My grandma passed away in July of this year and I completed a small piece earlier this morning, putting together some of the thoughts swirling in my head following her death. I am still open to expanding on the thoughts below, and perhaps turning it into a short story. For now, I wanted to share it as it is.
Maybe to someone looking in from the outside, her favourite grandson seemed insensitive to her death. He was laughing and drinking with his family, people he knew from childhood and people he was meeting for the first time. He did the eulogy, but his voice shook from stage fright more than grief. Perhaps her death was only a vacation for him, a retreat to a tropical island. That was what onlookers thought, and the grandson started to question himself as well.
He had yet to shed tears. Maybe the death wasn’t real for him yet. He saw the body but reeled away from it, feeling his stomach turn as he viewed Grandma’s face. She seemed so much smaller, shriveled. Her skin wrapped around her bones like plastic wrap.
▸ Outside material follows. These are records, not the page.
(* [canon_kdistmx (1 + t * k) t] is [[0, 1^T], [1, diag(-(I + J), ..., -(I + J))]]
   with t diagonal blocks of size k. *)
Fixpoint canon_kdist t : nat -> nat -> int :=
  if t is t'.+1 then fun i j =>
    let c := (1 + t' * k)%N in
    if (i < c)%N then (if (j < c)%N then canon_kdist t' i j else (i == 0%N)%:R)
    else if (j < c)%N then (j == 0%N)%:R else (if i == j then -2 else -1)
  else fun _ _ => 0.

Definition canon_kdistmx c t : 'M[int]_c := \matrix_(i, j) canon_kdist t i j.

Definition e0 c : 'cV[int]_c := \col_i (i == 0%N :> nat)%:R.

(* The normalisation on the all-ones vector makes the border of the next step canonical. *)
Definition reduces_to_canon c (M : 'M[int]_c) t := exists P Q : 'M[int]_c,
  [/\ P \in unitmx, Q \in unitmx, P *m const_mx 1 = e0 c, Q^T *m const_mx 1 = e0 c
    & P *m M *m Q = canon_kdistmx c t].

Lemma reduces_to_canon_perm c (s : 'S_c) (M : 'M[int]_c) t :
  reduces_to_canon (\matrix_(i, j) M (s i) (s j)) t -> reduces_to_canon M t.
Proof.
case=> P [Q [uP uQ P1 Q1 PMQ]].
have perm1 : perm_mx s *m const_mx 1 = const_mx 1 :> 'cV[int]_c.
  by rewrite -row_permE row_perm_const.
exists (P *m perm_mx s), (perm_mx s^-1 *m Q); split.
- by rewrite unitmx_mul uP unitmx_perm.
- by rewrite unitmx_mul uQ unitmx_perm.
- by rewrite -mulmxA perm1.
- by rewrite trmx_mul tr_perm_mx invgK -mulmxA perm1.
rewrite -PMQ; have -> : \matrix_(i, j) M (s i) (s j) = perm_mx s *m M *m perm_mx s^-1.
  by rewrite -row_permE -col_permE; apply/matrixP => i j; rewrite !mxE.
by rewrite !mulmxA.
Qed.

Section Border.
Variables (c0 : nat) (D0 : 'M[int]_c0) (iC : 'I_c0).

Definition kdist_border : 'M[int]_(c0 + k) :=
  block_mx D0 (\matrix_(i, j) (D0 i iC + 1)) (\matrix_(i, j) (D0 iC j + 1))
           (\matrix_(i, j) (i != j)%:R).

Definition border_elim : 'M[int]_(c0 + k) :=
  block_mx 1%:M 0 (\matrix_(i, j) - (j == iC)%:R) 1%:M.

Lemma border_elim_unit : border_elim \in unitmx.
Proof. by rewrite unitmxE det_lblock !det1 mulr1 unitr1. Qed.

Lemma mul_border_elim n (M : 'M[int]_(c0, n)) :
  \matrix_(i < k, j < c0) - (j == iC)%:R *m M = \matrix_(i, j) - M iC j.
Proof.
apply/matrixP => i j; rewrite !mxE (bigD1 iC) //= big1 => [|l /negPf jl].
  by rewrite !mxE eqxx mulN1r addr0.
by rewrite !mxE jl oppr0 mul0r.
Qed.

Lemma mul_tr_border_elim m (M : 'M[int]_(m, c0)) :
  M *m (\matrix_(i < k, j < c0) - (j == iC)%:R)^T = \matrix_(i, j) - M i iC.
Proof. by rewrite -[M]trmxK -trmx_mul mul_border_elim; apply/matrixP => i j; rewrite !mxE. Qed.

Lemma border_elim_kdist_border : D0 iC iC = 0 ->
  border_elim *m kdist_border *m border_elim^T =
  block_mx D0 (const_mx 1) (const_mx 1) (\matrix_(i, j) if i == j then -2 else -1).
Proof.
move=> D0CC; rewrite tr_block_mx !trmx1 !trmx0 !mulmx_block !mul1mx !mul0mx !mulmx1 !mulmx0.
rewrite ?addr0 ?add0r !mul_border_elim !mul_tr_border_elim.
congr block_mx; apply/matrixP => i j; rewrite !mxE ?addKr //.
by rewrite D0CC; case: (i == j) => /=; lia.
Qed.

End Border.
Lemma num_real_roots_count (R : rcfType) (p h : {poly R}) :
  h != 0 -> (forall x, root p x -> root h x) ->
  num_real_roots p (count (root p) (rootsR h)).
Proof.
move=> h0 ph; exists (filter (root p) (rootsR h)); split.
- exact/filter_uniq/uniq_roots.
- move=> x; rewrite mem_filter; case rpx: (root p x) => //=.
  by rewrite -(roots_on_rootsR h0 x) ph.
- exact: size_filter.
Qed.

Definition wronskian (R : comNzRingType) (p q : {poly R}) : {poly R} :=
  p^`() * q - p * q^`().

Lemma scale_sub_X_deriv_poly (R : comNzRingType) (n s : nat) (p : {poly R}) :
  size p = s.+1 ->
  n%:R *: p - 'X * p^`() = \poly_(i < s.+1) ((n%:R - i%:R) * p`_i).
Proof.
move=> sp; apply/polyP => i; rewrite coef_poly coefB coefZ coefXM coef_deriv.
case: ltnP => hi.
  by case: i hi => [|i] _ /=; rewrite ?subr0 // -mulr_natr; ring.
by case: i hi => [//|i] hi /=; rewrite !nth_default ?sp // mulr0 mul0rn subrr.
Qed.

Section ScaleSubXDeriv.
Variables (R : numDomainType) (n s : nat) (p : {poly R}).
Hypotheses (size_p : size p = s.+1) (n_neq_s : n != s).

Let top_coef_neq0 : (n%:R - s%:R) * p`_s != 0 :> R.
Proof.
rewrite mulf_neq0 ?subr_eq0 ?eqr_nat //.
by rewrite -[s]/(s.+1.-1) -size_p -lead_coefE lead_coef_eq0 -size_poly_eq0 size_p.
Qed.

Lemma size_scale_sub_X_deriv : size (n%:R *: p - 'X * p^`()) = s.+1.
Proof. by rewrite (scale_sub_X_deriv_poly n size_p) size_poly_eq. Qed.

Lemma lead_coef_scale_sub_X_deriv :
  lead_coef (n%:R *: p - 'X * p^`()) = (n%:R - s%:R) * lead_coef p.
Proof.
by rewrite (scale_sub_X_deriv_poly n size_p) lead_coef_poly // lead_coefE size_p.
Qed.

End ScaleSubXDeriv.

Lemma root_mul_cases (R : realDomainType) (p q : {poly R}) (b : R) :
    (root p b -> p^`().[b] != 0) -> (root q b -> q^`().[b] != 0) ->
    root (p * q) b ->
  (root p b && root q b) \/
  [/\ (p * q)^`().[b] != 0, (wronskian p q).[b] != 0 &
      Num.sg (wronskian p q).[b] * Num.sg (p * q)^`().[b] = (root p b)%:R - (root q b)%:R].
Proof.
have sg_sqr (x : R) : x != 0 -> Num.sg x * Num.sg x = 1.
  by move=> x0; rewrite -expr2 sqr_sg x0.
move=> dp dq; rewrite rootM /wronskian derivM.
case rpb: (root p b); case rqb: (root q b) => //= _; [by left | right | right].
- have nz := mulf_neq0 (dp rpb) (negbT rqb).
  by rewrite !hornerE (rootP rpb) !(mul0r, addr0, subr0) nz sg_sqr ?subr0.
- have nz := mulf_neq0 (negbT rpb) (dq rqb).
  rewrite !hornerE (rootP rqb) !(mulr0, add0r, sub0r) oppr_eq0 nz.
  by rewrite sgrN mulNr sg_sqr ?sub0r.
Qed.

Section NegativeRegions.
Variables (R : rcfType) (n s : nat) (g : {poly R}) (xi : R).
Hypotheses (s_gt0 : (0 < s)%N) (lt_s_n : (s < n)%N) (size_g : size g = s.+1).

Local Notation F := ('X^n + xi *: g).
Local Notation H := (F * g).
Local Notation W := (wronskian F g).

Lemma lead_coef_g_neq0 : lead_coef g != 0.
Proof. by rewrite lead_coef_eq0 -size_poly_eq0 size_g. Qed.

Lemma size_F : size F = n.+1.
Proof.
rewrite size_polyDl size_polyXn // (leq_ltn_trans (size_scale_leq _ _)) //.
by rewrite size_g ltnS.
Qed.

Lemma lead_coef_F : lead_coef F = 1.
Proof.
rewrite lead_coefDl ?lead_coefXn // size_polyXn (leq_ltn_trans (size_scale_leq _ _)) //.
by rewrite size_g ltnS.
Qed.

Lemma size_H : size H = (n + s).+1.
Proof.
by rewrite size_mul -?size_poly_eq0 ?size_F ?size_g // addSn addnS.
Qed.

Lemma lead_coef_H : lead_coef H = lead_coef g.
Proof. by rewrite lead_coefM lead_coef_F mul1r. Qed.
The grandson felt his stomach turn again as he entered Grandma’s room. He looked to the bed, where his grandma usually laid. Then he looked to the couch beside, where he spent hours talking and watching television with Grandma whenever he visited. The room was familiar and carried so many good memories, yet the grandson couldn’t bring himself to enter it. Her presence still lingered here, adding weight to the air ahead of him. She threatened to suffocate him.
The grandson felt like something malevolent lingered here now, a perversion of the woman he loved. His dad suggested he sleep in her room, like he used to when he was a child. That suggestion was ignored and the grandson continued avoiding the room, feeling like something was lying in wait for him there.
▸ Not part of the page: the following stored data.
Lemma noverhang_le m : 0 < m -> noverhang m <= 2 * (m - 1) * (n - 1).
Proof.
move=> m_gt0; set tail := plot_sum (fun i j => (n - m < i) * (i != j)).
have tail_le : tail <= (m - 1) * (n - 1).
  rewrite /tail /plot_sum (eq_bigr (fun i : 'I_n => (n - m < i) * n.-1)) => [|i _].
    by rewrite -big_distrl /= -subn1 leq_mul2r count_tail ?orbT.
  by rewrite -big_distrr sum_neq.
have tail_sym : plot_sum (fun i j => (n - m < j) * (j != i)) = tail.
  by rewrite /plot_sum exchange_big.
apply: (@leq_trans (tail + tail)); last by rewrite -mulnA mul2n -addnn leq_add.
rewrite -[X in _ <= _ + X]tail_sym -plot_sumD; apply: plot_sum_le => i j.
rewrite /run_overhang eq_sym; case: (diag_run m i j); rewrite ?andbF //; lia.
Qed.

Lemma card_plot_pairs (P : nat -> nat -> bool) :
  #|[pred p : 'I_n * 'I_n | P p.1 p.2]| = plot_count P.
Proof.
rewrite /plot_count /plot_sum pair_big /= -sum1_card big_mkcond /=.
by apply: eq_bigr => p _; rewrite inE; case: (P _ _).
Qed.

End DiagonalRuns.

Lemma noverhang_bound (R : numDomainType) (r : rel nat) n m : 0 < m -> 0 < n ->
  (0 <= ((noverhang r n m)%:R : R) <= 2 * (m%:R - 1) * (n%:R - 1))%R.
Proof.
move=> m_gt0 n_gt0; rewrite ler0n /=; have := noverhang_le r n m_gt0.
by rewrite -(ler_nat R) !natrM !natrB ?mulr1n.
Qed.

Section RecurrencePlot.
Variables (R : realType) (X : Type) (rho : X -> X -> R) (f : X -> X) (x : X) (eps : R).
Local Notation r := (rp rho f x eps).
Local Open Scope ring_scope.

Lemma rp_refl : (forall y, rho y y = 0) -> 0 <= eps -> reflexive r.
Proof. by move=> rho_yy eps_ge0 i; rewrite /rp rho_yy. Qed.

Lemma bowen_le_diag_run m i j : 0 <= eps ->
  (bowen rho f m (iter i f x) (iter j f x) <= eps) = diag_run r m i j.
Proof.
move=> eps_ge0; apply/bigmax_leP/forallP => [[_ close] k|run]; last split => // k _.
  by have := close k isT; rewrite /rp addnC (addnC j) !iterD.
by have := run k; rewrite /rp addnC (addnC j) !iterD.
Qed.

Lemma is_lineE n m i j :
  is_line rho f x n eps i j m = line_start r n m i j && ~~ line_start r n m.+1 i j.
Proof.
rewrite /is_line /line_start /run_start diag_runSr.
rewrite -/(diag_run r m i j) -/(left_closed r i j).
by case: (diag_run r m i j) (r (i + m) (j + m)) (left_closed r i j) => [] [] [];
  rewrite ?andbF ?andbT //=; lia.
Qed.

Lemma nlines_ge_Nlines n m :
  nlines_ge r n m = Nlines rho f x n eps m + nlines_ge r n m.+1.
Proof.
rewrite nlines_geS /Nlines (card_plot_pairs _ (fun a b => is_line rho f x n eps a b m)).
congr (_ + _).
by apply: eq_plot_sum => i j; rewrite is_lineE.
Qed.

Lemma corr_sum_runs n m : 0 <= eps -> reflexive r ->
  corr_sum rho f x n eps m
  = (n%:R + (nruns r n m)%:R + (noverhang r n m)%:R) / n%:R ^+ 2.
Proof.
move=> eps_ge0 r_refl; rewrite /corr_sum -!natrD -natrX -count_diag_run //.
rewrite (card_plot_pairs _ (fun a b => bowen rho f m (iter a f x) (iter b f x) <= eps)).
by congr (_%:R / _); apply: eq_plot_sum => i j; rewrite bowen_le_diag_run.
Qed.

Lemma natr_plot_size n : (n ^ 2 - n)%:R = n%:R ^+ 2 - n%:R :> R.
Proof. by rewrite natrB ?natrX // expnS expn1; nia. Qed.

Lemma Lam_nlines_ge n l :
  Lam rho f x n eps l = (nlines_ge r n l)%:R / (n%:R ^+ 2 - n%:R).
Proof.
rewrite /Lam /lam -mulr_suml -natr_sum natr_plot_size.
rewrite (sum_telescope (fun m _ => nlines_ge_Nlines n m)) // => m.
by move/ltnW; apply: nlines_ge_ge.
Qed.

Lemma RRl_nlines_ge n l : (0 < l)%N ->
  RRl rho f x n eps l
  = (l%:R * (nlines_ge r n l)%:R + (nruns r n l.+1)%:R) / (n%:R ^+ 2 - n%:R).
Proof.
move=> l_gt0; rewrite /RRl /lam; under eq_bigr do rewrite mulrA -natrM.
rewrite -mulr_suml -natr_sum natr_plot_size -natrM -natrD.
rewrite (sum_abel (fun m _ => nlines_ge_Nlines n m)) => [|m /ltnW]; last first.
  exact: nlines_ge_ge.
rewrite (sum_telescope (a := nruns r n) (b := nlines_ge r n)) // => m.
- by move=> lm; apply: nrunsS; apply: leq_trans lm.
- by move/ltnW; apply: nruns_ge.
Qed.

End RecurrencePlot.

Section CorrelationIdentities.
Variables (R : realFieldType) (n l t s e0 e1 : R).
Local Open Scope ring_scope.
Hypotheses (n_neq0 : n != 0) (n_neq1 : n != 1).

Lemma plot_sizeE : n ^+ 2 - n = n * (n - 1).
Proof. by ring. Qed.

Let n1_neq0 : n - 1 != 0. Proof. by rewrite subr_eq0. Qed.
Let C0 := (n + (t + s) + e0) / n ^+ 2.
Let C1 := (n + s + e1) / n ^+ 2.

Lemma ratio_correlation_identity :
  t / (n ^+ 2 - n) = n / (n - 1) * (C0 - C1) + (e1 - e0) / (n ^+ 2 - n).
Proof. by rewrite /C0 /C1 plot_sizeE; field; rewrite n_neq0 n1_neq0. Qed.

Lemma weighted_ratio_correlation_identity :
  (l * t + s) / (n ^+ 2 - n) = n / (n - 1) * (l * C0 - (l - 1) * C1) - 1 / (n - 1)
                               + ((l - 1) * e1 - l * e0) / (n ^+ 2 - n).
Proof. by rewrite /C0 /C1 plot_sizeE; field; rewrite n_neq0 n1_neq0. Qed.

End CorrelationIdentities.

Section OverhangBounds.
Variables (R : realFieldType) (n : R).
Local Open Scope ring_scope.

Lemma ler_norm_div_plot_size (e c : R) : 1 < n -> `|e| <= c * (n - 1) ->
  `|e / (n ^+ 2 - n)| <= c / n.
Proof.
move=> n_gt1 e_le; have D_gt0 : 0 < n * (n - 1) by apply: mulr_gt0; lra.
rewrite plot_sizeE normrM normfV (gtr0_norm D_gt0) ler_pdivrMr //.
by rewrite mulrA divfK //; lra.
Qed.

Lemma overhang_difference_bound (l e0 e1 : R) : 1 < n ->
  0 <= e0 <= 2 * (l - 1) * (n - 1) -> 0 <= e1 <= 2 * l * (n - 1) ->
  `|(e1 - e0) / (n ^+ 2 - n)| <= 2 * l / n.
Proof.
move=> n_gt1 /andP[e0_ge0 e0_le] /andP[e1_ge0 e1_le].
by apply: ler_norm_div_plot_size => //; rewrite ler_norml; apply/andP; split; nra.
Qed.

Lemma weighted_overhang_difference_bound (l e0 e1 : R) : 1 < n -> 1 <= l ->
  0 <= e0 <= 2 * (l - 1) * (n - 1) -> 0 <= e1 <= 2 * l * (n - 1) ->
  `|((l - 1) * e1 - l * e0) / (n ^+ 2 - n)| <= 2 * l * (l - 1) / n.
Proof.
move=> n_gt1 l_ge1 /andP[e0_ge0 e0_le] /andP[e1_ge0 e1_le].
by apply: ler_norm_div_plot_size => //; rewrite ler_norml; apply/andP; split; nra.
Qed.

End OverhangBounds.

Local Open Scope ring_scope.

Theorem mainTheorem8 (R : realType) (X : Type) (rho : X -> X -> R)
  (f : X -> X) (x : X) (l n : nat) (eps : R) :
  is_metric rho -> metric_continuous rho f ->
  (1 <= l)%N -> (2 <= n)%N -> 0 < eps ->
  let Cl := corr_sum rho f x n eps l in
  let Cl1 := corr_sum rho f x n eps l.+1 in
  exists dN : R,
    Lam rho f x n eps l = n%:R / (n%:R - 1) * (Cl - Cl1) + dN /\
    `|dN| <= 2 * l%:R / n%:R /\
    (0 < Lam rho f x n eps l ->
      exists dRR : R,
        `|dRR| <= 2 * l%:R * (l%:R - 1) / n%:R /\
        Lavg rho f x n eps l =
          (n%:R / (n%:R - 1) * (l%:R * Cl - (l%:R - 1) * Cl1)
             - 1 / (n%:R - 1) + dRR)
          / (n%:R / (n%:R - 1) * (Cl - Cl1) + dN)).
Proof.
move=> [_ rho_eq0 _ _] _ l_gt0 n_ge2 /ltW eps_ge0 Cl Cl1.
pose r := rp rho f x eps.
have r_refl : reflexive r by apply: rp_refl => // y; apply/rho_eq0.
pose t := nlines_ge r n l; pose s := nruns r n l.+1.
pose e0 := noverhang r n l; pose e1 := noverhang r n l.+1.
have n_gt1 : 1 < n%:R :> R by rewrite ltr1n.
have [n_neq0 n_neq1] : n%:R != 0 :> R /\ n%:R != 1 :> R by split; apply/eqP; lra.
have ClE : Cl = (n%:R + (t%:R + s%:R) + e0%:R) / n%:R ^+ 2.
  by rewrite /Cl corr_sum_runs // nrunsS // natrD.
have Cl1E : Cl1 = (n%:R + s%:R + e1%:R) / n%:R ^+ 2 by rewrite /Cl1 corr_sum_runs.
have e0_bound := noverhang_bound R r l_gt0 (ltnW n_ge2).
have e1_bound : 0 <= (e1%:R : R) <= 2 * l%:R * (n%:R - 1).
  by have := noverhang_bound R r (ltn0Sn l) (ltnW n_ge2); rewrite -(natr1 l) addrK.
pose dN : R := (e1%:R - e0%:R) / (n%:R ^+ 2 - n%:R).
have LamE : Lam rho f x n eps l = n%:R / (n%:R - 1) * (Cl - Cl1) + dN.
  by rewrite Lam_nlines_ge ClE Cl1E; apply: ratio_correlation_identity.
exists dN; split=> //; split; first exact: overhang_difference_bound.
move=> _; exists (((l%:R - 1) * e1%:R - l%:R * e0%:R) / (n%:R ^+ 2 - n%:R)).
split; first by apply: weighted_overhang_difference_bound; rewrite // ler1n.
rewrite /Lavg -LamE RRl_nlines_ge // ClE Cl1E.
by congr (_ / _); apply: weighted_ratio_correlation_identity.
Qed.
Her death stayed with him when he returned across the sea. One of his favourite songs became a cruel reminder. “Grandma’s Hands” was now a reverse lullaby- threatening to make him cry when its words rang out.
He had a bookmark with her face on it, and a prayer dedicated to her memory. It was the only one he’d used since the funeral, finding comfort in the picture of his grandma as he remembered: smiling and healthy. Sometimes it was just another bookmark, with its content forgotten by the user and scrutinized by strangers on the bus. Other times, the bookmark was his own talisman, giving him access to a multitude of good memories from his childhood.